Aim of the exercise:
First find the line with "have expand : dotp" in the entries below, then set down exactly every line through the line with "by field; rewrite ?gt_eqF ?addr_gt0.", that line included.

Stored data
################

(* By the mean value theorem the gap grows at rate at most [K L rho], hence by at
   most [rho / 2] over a step of length [d]. *)
Lemma solution_gap_halves S d x0 r L K :
  0 <= S -> S + d <= T -> 0 <= L -> K * L * d <= 1 / 2 ->
  (forall j y y' rho, 0 <= rho -> box x0 r y -> box x0 r y' ->
     (forall i, Rabs (y' i - y i) <= rho) -> Rabs (F y' j - F y j) <= L * rho) ->
  (forall t, S <= t <= S + d -> Rabs (a t) <= K /\ box x0 r (w t) /\ box x0 r (v t)) ->
  w S = v S ->
  forall rho, 0 <= rho -> (forall t i, S <= t <= S + d -> Rabs (w t i - v t i) <= rho) ->
  forall t i, S <= t <= S + d -> Rabs (w t i - v t i) <= rho / 2.
Proof.
  intros HS HST HL HKLd Hlip Hnear HSeq rho Hrho Hgap t i Ht.
  destruct (Req_dec t S) as [->|Hne].
  { rewrite HSeq, Rminus_diag, Rabs_R0. lra. }
  destruct (MVT_gen (fun u => w u i - v u i) S t
              (fun u => a u * F (w u) i - a u * F (v u) i)) as [c [Hc Hmvt]].
  - intros x Hx. rewrite Rmin_left, Rmax_right in Hx by lra.
    apply is_derive_Reals, derivable_pt_lim_minus; [apply Hw | apply Hv]; lra.
  - intros x _. apply continuity_pt_minus; auto.
  - simpl in Hmvt. rewrite Rmin_left, Rmax_right in Hc by lra.
    rewrite HSeq, Rminus_diag, Rminus_0_r in Hmvt. rewrite Hmvt.
    destruct (Hnear c ltac:(lra)) as [Hac [Hwb Hvb]].
    assert (HF' : Rabs (F (w c) i - F (v c) i) <= L * rho).
    { apply Hlip; auto. intros k. apply Hgap; lra. }
    replace (a c * F (w c) i - a c * F (v c) i) with (a c * (F (w c) i - F (v c) i)) by ring.
    rewrite !Rabs_mult, (Rabs_right (t - S)) by lra.
    pose proof (Rabs_pos (a c)). pose proof (Rabs_pos (F (w c) i - F (v c) i)).
    assert (Rabs (a c) * Rabs (F (w c) i - F (v c) i) <= K * (L * rho))
      by (apply Rmult_le_compat; assumption).
    assert (0 <= K * (L * rho)) by (apply Rmult_le_pos; [lra | apply Rmult_le_pos; lra]).
    assert (Rabs (a c) * Rabs (F (w c) i - F (v c) i) * (t - S) <= K * (L * rho) * d)
      by (apply Rmult_le_compat; [apply Rmult_le_pos; assumption | lra | assumption | lra]).
    nra.
Qed.
(* Let $f:\mathbb{R}^2_+\to\mathbb{R}$ be continuous, with $f(0,0)>0$, and assume there exists $R>0$ such that $f(x,y)<0$ whenever $x^2+y^2>R^2$. Then the zero set $Z=\{\mathbf z\in\mathbb{R}^2_+ : f(\mathbf z)=0\}$ has a compact connected subset $S$ which intersects both sets $\{(0,y) : r\le y\le R\}$ and $\{(x,0) : r\le x\le R\}$ for some $r\in(0,R)$.
   Context: $\mathbb{R}^2_+$ denotes the closed positive quadrant $\{(x,y):x\ge0,\,y\ge0\}$. *)

From Stdlib Require Import Reals List.
Open Scope R_scope.

Definition dist2 (p q : R * R) : R :=
  sqrt ((fst p - fst q) ^ 2 + (snd p - snd q) ^ 2).

Definition quadrant (p : R * R) : Prop := 0 <= fst p /\ 0 <= snd p.

Definition continuous_on_quadrant (f : R * R -> R) : Prop :=
  forall p, quadrant p -> forall eps, 0 < eps ->
    exists delta, 0 < delta /\
      forall q, quadrant q -> dist2 q p < delta -> Rabs (f q - f p) < eps.

Definition open2 (U : R * R -> Prop) : Prop :=
  forall p, U p -> exists e, 0 < e /\ forall q, dist2 p q < e -> U q.

Definition compact2 (S : R * R -> Prop) : Prop :=
  forall (I : Type) (U : I -> R * R -> Prop),
    (forall i, open2 (U i)) ->
    (forall p, S p -> exists i, U i p) ->
    exists l : list I, forall p, S p -> exists i, In i l /\ U i p.

Definition connected2 (S : R * R -> Prop) : Prop :=
  ~ exists U V : R * R -> Prop,
      open2 U /\ open2 V /\
      (forall p, S p -> U p \/ V p) /\
      (exists p, S p /\ U p) /\
      (exists p, S p /\ V p) /\
      (forall p, S p -> U p -> V p -> False).
Lemma dotp_eq0 u : (dotp u u == 0) = (u == 0).
Proof.
apply/eqP/eqP => [u0|->]; last exact: dotp0l.
apply/rowP => i; rewrite mxE; apply/eqP; rewrite -sqrf_eq0 expr2.
by rewrite (psumr_eq0P _ u0) // => j _; rewrite -expr2 sqr_ge0.
Qed.

Lemma dotp_normD u v : dotp (u + v) (u + v) = dotp u u + 2 * dotp u v + dotp v v.
Proof. by rewrite !(dotpDl, dotpDr) (dotpC v u); ring. Qed.

Lemma dotp_normB u v : dotp (u - v) (u - v) = dotp u u - 2 * dotp u v + dotp v v.
Proof. by rewrite !(dotpBl, dotpBr) (dotpC v u); ring. Qed.

Lemma enorm_ge0 u : 0 <= enorm u.
Proof. exact: sqrtr_ge0. Qed.

Lemma enorm_sq u : enorm u ^+ 2 = dotp u u.
Proof. by rewrite sqr_sqrtr ?dotp_ge0. Qed.

Lemma enorm_gt0 u : u != 0 -> 0 < enorm u.
Proof. by move=> u0; rewrite sqrtr_gt0 lt_def dotp_eq0 u0 dotp_ge0. Qed.

Lemma enormN u : enorm (- u) = enorm u.
Proof. by rewrite /enorm dotpNl dotpNr opprK. Qed.

Lemma enormZ a u : 0 <= a -> enorm (a *: u) = a * enorm u.
Proof.
move=> a0; rewrite /enorm dotpZl dotpZr mulrA sqrtrM ?mulr_ge0 //.
by rewrite -expr2 sqrtr_sqr ger0_norm.
Qed.

Lemma dotp_le_enorm u v : dotp u v <= enorm u * enorm v.
Proof.
have [->|u0] := eqVneq u 0; first by rewrite dotp0l mulr_ge0 ?enorm_ge0.
have [->|v0] := eqVneq v 0; first by rewrite dotpC dotp0l mulr_ge0 ?enorm_ge0.
have ab_gt0 : 0 < enorm u * enorm v by rewrite mulr_gt0 ?enorm_gt0.
have expand : dotp (enorm v *: u - enorm u *: v) (enorm v *: u - enorm u *: v)
    = 2 * (enorm u * enorm v) * (enorm u * enorm v - dotp u v).
  by rewrite dotp_normB !(dotpZl, dotpZr) -(enorm_sq u) -(enorm_sq v); ring.
have := dotp_ge0 (enorm v *: u - enorm u *: v).
by rewrite expand pmulr_rge0 ?subr_ge0 // mulr_gt0.
Qed.

Lemma enormD u v : enorm (u + v) <= enorm u + enorm v.
Proof.
rewrite -(ler_pXn2r (n := 2)) ?nnegrE ?addr_ge0 ?enorm_ge0 //.
rewrite enorm_sq sqrrD !enorm_sq dotp_normD.
by have := dotp_le_enorm u v; lra.
Qed.

(* This is where the contraction factor [betak] comes from. *)
Lemma dotp_harmonic_le c1 c2 u v : 0 < c1 -> 0 < c2 ->
  (c1^-1 + c2^-1)^-1 * dotp (u + v) (u + v) <= c1 * dotp u u + c2 * dotp v v.
Proof.
move=> c1_gt0 c2_gt0.
have -> : (c1^-1 + c2^-1)^-1 = c1 * c2 / (c1 + c2).
  by field; rewrite ?gt_eqF ?addr_gt0.
rewrite mulrAC ler_pdivrMr ?addr_gt0 //.
have := dotp_ge0 (c1 *: u - c2 *: v).
by rewrite dotp_normB !(dotpZl, dotpZr) dotp_normD; nra.
Qed.

End InnerProduct.

Lemma inertial_dist_sq (R : realType) (n : nat) (x : nat -> 'rV[R]_n) (alpha : nat -> R) k z :
  dotp (inertial x alpha k - z) (inertial x alpha k - z)
    = (1 + alpha k) * dotp (x k - z) (x k - z) - alpha k * dotp (x k.-1 - z) (x k.-1 - z)
      + ineq_delta x alpha k.
Proof.
rewrite /inertial /ineq_delta enorm_sq.
have -> : x k + alpha k *: (x k - x k.-1) - z
    = (1 + alpha k) *: (x k - z) - alpha k *: (x k.-1 - z).
  by apply/rowP => i; rewrite !mxE; ring.
have -> : x k - x k.-1 = (x k - z) - (x k.-1 - z).
  by apply/rowP => i; rewrite !mxE; ring.
rewrite (dotp_normB ((1 + alpha k) *: _)) (dotp_normB (x k - z)).
by rewrite !(dotpZl, dotpZr); ring.
Qed.

Section Projection.
Variables (R : realType) (n : nat) (A : set 'rV[R]_n) (P : 'rV[R]_n -> 'rV[R]_n).
Hypotheses (cvxA : convex_set A) (projP : is_projection A P).

(* If the angle were acute, a point of the segment [P z, x] would be closer to z. *)
Lemma projection_obtuse z x : A x -> dotp (z - P z) (x - P z) <= 0.
Proof.
move=> Ax; have [Ap Pmin] := projP z; set p := P z in Ap Pmin *.
rewrite leNgt; apply/negP => c_gt0.
set c := dotp (z - p) (x - p) in c_gt0; set d := dotp (x - p) (x - p).
have d_ge0 : 0 <= d by apply: dotp_ge0.
pose t := c / (d + c).
have t_ge0 : 0 <= t by rewrite divr_ge0 // ?addr_ge0 // ltW.
have t_le1 : t <= 1 by rewrite ler_pdivrMr ?mul1r ?lerDr // ltr_wpDl.
have := cvxA (Itv01 t_ge0 t_le1) (mem_set Ax) (mem_set Ap).
rewrite inE /conv /= => /Pmin.
rewrite /enorm ler_sqrt ?dotp_ge0 //.
have -> : z - (t *: x + (1 - t) *: p) = (z - p) - t *: (x - p).
  by apply/rowP => i; rewrite !mxE; ring.
rewrite (dotp_normB (z - p) (t *: _)) !(dotpZl, dotpZr) -/c -/d => near.
have : t * d < c.
  by rewrite /t mulrAC ltr_pdivrMr ?ltr_wpDl // mulrDr ltrDl mulr_gt0.
have : 2 * c <= t * d.
  have : 0 <= t * (t * d - 2 * c) by lra.
  by rewrite pmulr_rge0 ?subr_ge0 // divr_gt0 // ltr_wpDl.
lra.
Qed.

Lemma projection_descent w g x : A x ->
  dotp (P (w - g) - x) (P (w - g) - x)
    <= dotp (w - x) (w - x) - dotp (w - P (w - g)) (w - P (w - g))
       + 2 * dotp g (x - P (w - g)).
Proof.
move=> Ax; have := projection_obtuse (w - g) Ax; set p := P (w - g).
have -> : w - g - p = (w - p) - g by apply/rowP => i; rewrite !mxE; ring.
have -> : w - x = (w - p) - (x - p) by apply/rowP => i; rewrite !mxE; ring.
rewrite -(opprB x p) dotpNl dotpNr opprK (dotpBl (w - p) g) (dotp_normB (w - p) (x - p)).
lra.
Qed.

End Projection.

Lemma vcompact_dist_bounded (R : realType) (n : nat) (X : set 'rV[R]_n) :
  vcompact X -> exists D, forall u v, X u -> X v -> enorm (u - v) <= D.
Proof.
move=> /compact_bounded [M [_ hM]].
have bnd := hM (M + 1) ltac:(by rewrite ltrDl).
have coord (u : 'rV[R^o]_n) i : `|u 0 i| <= `|u|.
  have /mapP[j _ ->] : `|u 0 i| \in [seq `|u k.1 k.2| | k : 'I_1 * 'I_n].
    by apply/mapP; exists (0, i) => //=; rewrite mem_enum.
  by rewrite [leRHS]/Num.norm /= mx_normrE; apply/bigmax_geP; right; exists j.
exists (Num.sqrt (n%:R * (2 * (M + 1)) ^+ 2)) => u v Xu Xv.
rewrite /enorm ler_sqrt; last by rewrite mulr_ge0 // sqr_ge0.
rewrite (_ : n%:R * _ = \sum_(i < n) (2 * (M + 1)) ^+ 2); last first.
  by rewrite sumr_const card_ord mulr_natl.
apply: ler_sum => i _.
rewrite -expr2 -real_normK ?num_real // lerXn2r ?nnegrE ?normr_ge0 //.
  by rewrite mulr_ge0 // (le_trans _ (bnd u Xu)) // (le_trans _ (coord u i)).
rewrite !mxE; apply: le_trans (ler_normB _ _) _.
by have := coord u i; have := coord v i; have := bnd u Xu; have := bnd v Xv; rewrite /=; lra.
Qed.
(* Let $W_1(u)=\sum_{k\ge0}\omega_ku^{-k}$. Let $A'\in\mathrm{Seq}_{r,t}$ with $a'_1=-1$, $a'_2=1$. Then in $\operatorname{End}(A')[[u^{-1}]]$ $$e_1^{(A')}\frac{1}{u-y_1}e_1^{(A')}=\frac{W_1^*(u)}{u}e_1^{(A')},\qquad\text{where}\qquad \frac{W^*_1(u)}{u}=\frac{W_1(-u)}{u-W_1(-u)}.$$
   Context: Let $r,t\in\mathbb N$. An $(r,t)$-sequence is a sequence $A=(a_1,\dots,a_{r+t})$ that is a permutation of $(1,\dots,1,-1,\dots,-1)$ ($r$ entries $1$, $t$ entries $-1$); $\mathrm{Seq}_{r,t}$ is the set of these, and the simple transpositions $\mathsf s_j=(j,j+1)$ of $S_{r+t}$ act on it by permuting entries. Fix complex numbers $\boldsymbol\omega=(\omega_k)_{k\in\mathbb N}$. The degenerate affine walled Brauer category $\underline{\mathrm{VB}}_{r,t}(\boldsymbol\omega)$ is the $\mathbb C$-linear category with object set $\mathrm{Seq}_{r,t}$ whose morphisms are generated by: endomorphisms $s_i^{(A)}$ of $A$ for $1\le i\le r+t-1$ with $a_i=a_{i+1}$; endomorphisms $e_i^{(A)}$ of $A$ for $1\le i\le r+t-1$ with $a_i\neq a_{i+1}$; endomorphisms $y_i^{(A)}$ of $A$ for $1\le i\le r+t$; and morphisms $\hat s_j^{(A)},\hat e_j^{(A)}:A\to\mathsf s_jA$ whenever $\mathsf s_jA\ne A$. Superscripts are usually omitted; composition $fg$ means $g$ first. A symbol $\dot s_i$ stands for $s_i$ or $\hat s_i$ and $\dot e_i$ for $e_i$ or $\hat e_i$; each relation is imposed for all objects and all choices of dotted symbols (possibly different on the two sides) for which both sides are defined morphisms with the same source and target. Relations: (1) $\dot s_i\dot s_i=1$; (2) $\dot s_i\dot s_j=\dot s_j\dot s_i$ for $|i-j|>1$, $\dot s_i\dot s_{i+1}\dot s_i=\dot s_{i+1}\dot s_i\dot s_{i+1}$, $\dot s_iy_j=y_j\dot s_i$ for $j\ne i,i+1$; (3) $(e_i^{(A)})^2=\omega_0e_i^{(A)}$; (4) $e_1^{(A)}y_1^ke_1^{(A)}=\omega_ke_1^{(A)}$ for all $k\in\mathbb N$ when $a_1=1,a_2=-1$; (5) $\dot s_i\dot e_j=\dot e_j\dot s_i$ and $\dot e_i\dot e_j=\dot e_j\dot e_i$ for $|i-j|>1$, $\dot e_iy_j=y_j\dot e_i$ for $j\neq i,i+1$, $y_iy_j=y_jy_i$; (6) $\hat s_i\dot e_i=\dot e_i=\dot e_i\hat s_i$, $\dot s_i\dot e_{i+1}\dot e_i=\dot s_{i+1}\dot e_i$, $\dot e_i\dot e_{i+1}\dot s_i=\dot e_i\dot s_{i+1}$, $\dot e_{i+1}\dot e_i\dot s_{i+1}=\dot e_{i+1}\dot s_i$, $\dot s_{i+1}\dot e_i\dot e_{i+1}=\dot s_i\dot e_{i+1}$, $\dot e_{i+1}\dot e_i\dot e_{i+1}=\dot e_{i+1}$, $\dot e_i\dot e_{i+1}\dot e_i=\dot e_i$; (7) $s_iy_i-y_{i+1}s_i=-1$, $s_iy_{i+1}-y_is_i=1$, $\hat s_iy_i-y_{i+1}\hat s_i=\hat e_i$, $\hat s_iy_{i+1}-y_i\hat s_i=-\hat e_i$; (8) $\dot e_i(y_i+y_{i+1})=0=(y_i+y_{i+1})\dot e_i$. Power series: $u$ is a formal variable; one works in $\operatorname{End}(A)[[u^{-1}]]$, with $\frac1{u-y}:=\sum_{k\ge0}y^ku^{-k-1}$; $f(-u)$ denotes substitution $u\mapsto-u$, and quotients are expanded as power series in $u^{-1}$. *)

From HB Require Import structures.
From mathcomp Require Import all_boot all_order all_algebra.
From Stdlib Require List.
Set Implicit Arguments. Unset Strict Implicit. Unset Printing Implicit Defensive.
Import Order.TTheory GRing.Theory Num.Theory.
Local Open Scope ring_scope.

(* Objects: (r,t)-sequences.  An entry 1 is encoded by [true], an entry   *)
(* -1 by [false].  Indices are 1-based as in the paper.                    *)

Definition inSeq (r t : nat) (A : seq bool) : bool :=
  (count (fun b : bool => b) A == r) && (count negb A == t).

Definition ent (A : seq bool) (i : nat) : bool := nth false A i.-1.

Definition swapseq (i : nat) (A : seq bool) : seq bool :=
  set_nth false (set_nth false A i.-1 (ent A i.+1)) i (ent A i).

(* Generators.  [gsym] are the actual generators (for a given source     *)
(* object): GS i = s_i, GSh i = \hat s_i, GE i = e_i, GEh i = \hat e_i,   *)
(* GY j = y_j.                                                            *)

Inductive gsym : Type :=
  | GS of nat | GSh of nat | GE of nat | GEh of nat | GY of nat.

Definition gdef (g : gsym) (A : seq bool) : bool :=
  match g with
  | GS i => (0 < i < size A)%N && (ent A i == ent A i.+1)
  | GSh i => (0 < i < size A)%N && (ent A i != ent A i.+1)
  | GE i => (0 < i < size A)%N && (ent A i != ent A i.+1)
  | GEh i => (0 < i < size A)%N && (ent A i != ent A i.+1)
  | GY j => (0 < j <= size A)%N
  end.

Definition gtgt (g : gsym) (A : seq bool) : seq bool :=
  match g with
  | GSh i | GEh i => swapseq i A
  | _ => A
  end.

(* Symbols appearing in relations: plain ones, plus the dotted ones
   DSd i (= \dot s_i, standing for s_i or \hat s_i) and
   DEd i (= \dot e_i, standing for e_i or \hat e_i). *)
Inductive dsym : Type :=
  | DS of nat | DSh of nat | DSd of nat
  | DE of nat | DEh of nat | DEd of nat | DY of nat.

Definition resolve (x : dsym) : seq gsym :=
  match x with
  | DS i => [:: GS i]
  | DSh i => [:: GSh i]
  | DSd i => [:: GS i; GSh i]
  | DE i => [:: GE i]
  | DEh i => [:: GEh i]
  | DEd i => [:: GE i; GEh i]
  | DY j => [:: GY j]
  end.

Definition resolve_word (w : seq dsym) : seq (seq gsym) :=
  foldr (fun x acc => [seq g :: v | g <- resolve x, v <- acc]) [:: [::]] w.

(* all choices for the dotted symbols of a linear combination of words
   (each occurrence chosen independently) *)
Definition resolve_comb (F : Type) (c : seq (F * seq dsym))
  : seq (seq (F * seq gsym)) :=
  foldr (fun p acc => [seq (p.1, v) :: rest | v <- resolve_word p.2, rest <- acc])
        [:: [::]] c.

Section Model.
Variables (F : numClosedFieldType) (R : algType F).
Variables (idem : seq bool -> R) (gen : gsym -> seq bool -> R).

(* Evaluation of a word [x1; ...; xk] (meaning the composite x1 ... xk,
   xk applied first) starting at the source object A: returns the target
   object and the morphism, or None if some generator is undefined. *)
Fixpoint evalw (A : seq bool) (w : seq gsym) : option (seq bool * R) :=
  match w with
  | [::] => Some (A, idem A)
  | x :: w' =>
      match evalw A w' with
      | Some (B, m) => if gdef x B then Some (gtgt x B, gen x B * m) else None
      | None => None
      end
  end.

################

Finished task:
have expand : dotp (enorm v *: u - enorm u *: v) (enorm v *: u - enorm u *: v)
    = 2 * (enorm u * enorm v) * (enorm u * enorm v - dotp u v).
  by rewrite dotp_normB !(dotpZl, dotpZr) -(enorm_sq u) -(enorm_sq v); ring.
have := dotp_ge0 (enorm v *: u - enorm u *: v).
by rewrite expand pmulr_rge0 ?subr_ge0 // mulr_gt0.
Qed.

Lemma enormD u v : enorm (u + v) <= enorm u + enorm v.
Proof.
rewrite -(ler_pXn2r (n := 2)) ?nnegrE ?addr_ge0 ?enorm_ge0 //.
rewrite enorm_sq sqrrD !enorm_sq dotp_normD.
by have := dotp_le_enorm u v; lra.
Qed.

(* This is where the contraction factor [betak] comes from. *)
Lemma dotp_harmonic_le c1 c2 u v : 0 < c1 -> 0 < c2 ->
  (c1^-1 + c2^-1)^-1 * dotp (u + v) (u + v) <= c1 * dotp u u + c2 * dotp v v.
Proof.
move=> c1_gt0 c2_gt0.
have -> : (c1^-1 + c2^-1)^-1 = c1 * c2 / (c1 + c2).
  by field; rewrite ?gt_eqF ?addr_gt0.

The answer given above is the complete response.